Rząd ukraiński zdecydował się sprzedać ciężki krążownik rakietowy Ukraina. Przed rozpoczęciem aukcji z okrętu zostanie zdemontowane uzbrojenie i inne systemy wojskowe. Jeśli na to, co pozostanie, nie znajdą się chętni, okręt zostanie zutylizowany.
O decyzji rządu poinformował dziś wiceminister obrony Oleh Uruskij. – Ta historia ciągnie się już dziesiątki lat. Okręt pozostaje w stoczni w Nikołajewie, niepotrzebnie zajmuje tam miejsce – powiedział.

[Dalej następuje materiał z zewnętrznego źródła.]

Theorem proposition2p3 (gT : finGroupType) (F : fieldType) (a : gT -> gT -> F) :
  [pchar F]^'.-nat #|gT|%N ->
  cocycle2 a ->
  has_commutative_simple_component a <-> in_inflated_Ext a.
Proof.
move=> pchar_nat a_cocycle; split.
  case=> e [[[e_central e_idem] [e_nz _]] e_comm].
  have /existsP[z0 e_z0] : [exists z, e z != 0].
    apply: contraNT e_nz => /existsPn e0; apply/eqP/ffunP => z.
    by rewrite ffunE; apply/eqP/negPn/e0.
  exact: (comm_idem_in_inflated_Ext a_cocycle e_central e_idem e_comm e_z0).
case=> b [[b_cocycle b_sym] [f [f_neq0 b_inflE]]].
have N_unit : (#|[set: gT]^`(1)%g|%:R : F) != 0.
  by rewrite natf_neq0_pchar; apply: pnat_dvd pchar_nat; rewrite -cardsT cardSg ?subsetT.
have avg_ci : tw_central_idem a (avg_idem b f).
  by split; [apply: avg_idem_central | apply: avg_idem_idem].
have [e0 e0_prim avg_e0] :=
  primitive_central_idem_below a_cocycle avg_ci (avg_idem_neq0 b_cocycle f_neq0 N_unit).
exists e0; split=> // u v.
have e0E w : tw_mul a e0 w = tw_mul a (avg_idem b f) (tw_mul a e0 w).
  by rewrite -tw_mulA // avg_e0.
by rewrite (e0E u) (e0E v) avg_idem_comm.
Qed.
Lemma wsum_bound_trivial c m : wsum_bound c m (S m) (INR (fact m)).
Proof.
  intros f M x Hx _ HM. assert (H := wsum_le f M m x Hx HM).
  assert (Hp : 0 < (1 - x) ^ S m) by (apply pow_lt; lra).
  apply (Rmult_le_compat_l ((1 - x) ^ S m)) in H; [|lra].
  eapply Rle_trans; [apply H|]. right. field. lra.
Qed.

Lemma binomial_C_ge0 m l : 0 <= Binomial.C m l.
Proof.
  unfold Binomial.C. apply Rmult_le_pos; [apply pos_INR|].
  apply Rlt_le, Rinv_0_lt_compat, Rmult_lt_0_compat; apply INR_fact_lt_0.
Qed.

Lemma by_parts_abs_le x q a b F0 M : 0 <= x <= 1 -> 0 <= q <= 1 -> Rabs F0 <= M ->
  q * Rabs ((1 - x) * a - x * F0 - x * b) <= (1 - x) * q * Rabs a + x * M + x * Rabs b.
Proof.
  intros Hx Hq HF0.
  assert (T : Rabs ((1 - x) * a - x * F0 - x * b) <= (1 - x) * Rabs a + x * M + x * Rabs b).
  { replace ((1 - x) * a - x * F0 - x * b) with ((1 - x) * a + - (x * F0) + - (x * b)) by ring.
    eapply Rle_trans; [apply Rabs_triang|]. rewrite Rabs_Ropp.
    eapply Rle_trans; [apply Rplus_le_compat_r, Rabs_triang|]. rewrite Rabs_Ropp.
    rewrite !Rabs_mult, (Rabs_right (1 - x)), (Rabs_right x) by lra.
    assert (x * Rabs F0 <= x * M) by (apply Rmult_le_compat_l; lra). lra. }
  assert (0 <= x * M) by (apply Rmult_le_pos; pose proof (Rabs_pos F0); lra).
  assert (0 <= x * Rabs b) by (apply Rmult_le_pos; [lra|apply Rabs_pos]).
  apply Rle_trans with (q * ((1 - x) * Rabs a + x * M + x * Rabs b));
    [apply Rmult_le_compat_l; lra|nra].
Qed.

Budowę krążownika Admirał fłota Sowietskowo Sojuza Łobow proj. 1164 Atłant rozpoczęto w 1984. Po 6 latach okręt – wykończony w 75% – został zwodowany. Po rozpadzie ZSRS, w 1993 krążownik przypadł w udziale nowo tworzonej flocie ukraińskiej i zyskał nową nazwę. Ukraińcy próbowali dokończyć jego budowę, ale już w 1996 zabrakło na to pieniędzy. Ostatecznie w 2017 MO Ukrainy oceniło, że okręt tej klasy nie jest mu potrzebny. W efekcie ówczesny prezydent Petro Poroszenko nakazał przygotowanie krążownika do sprzedaży. Być może tym razem decyzja będzie ostateczna.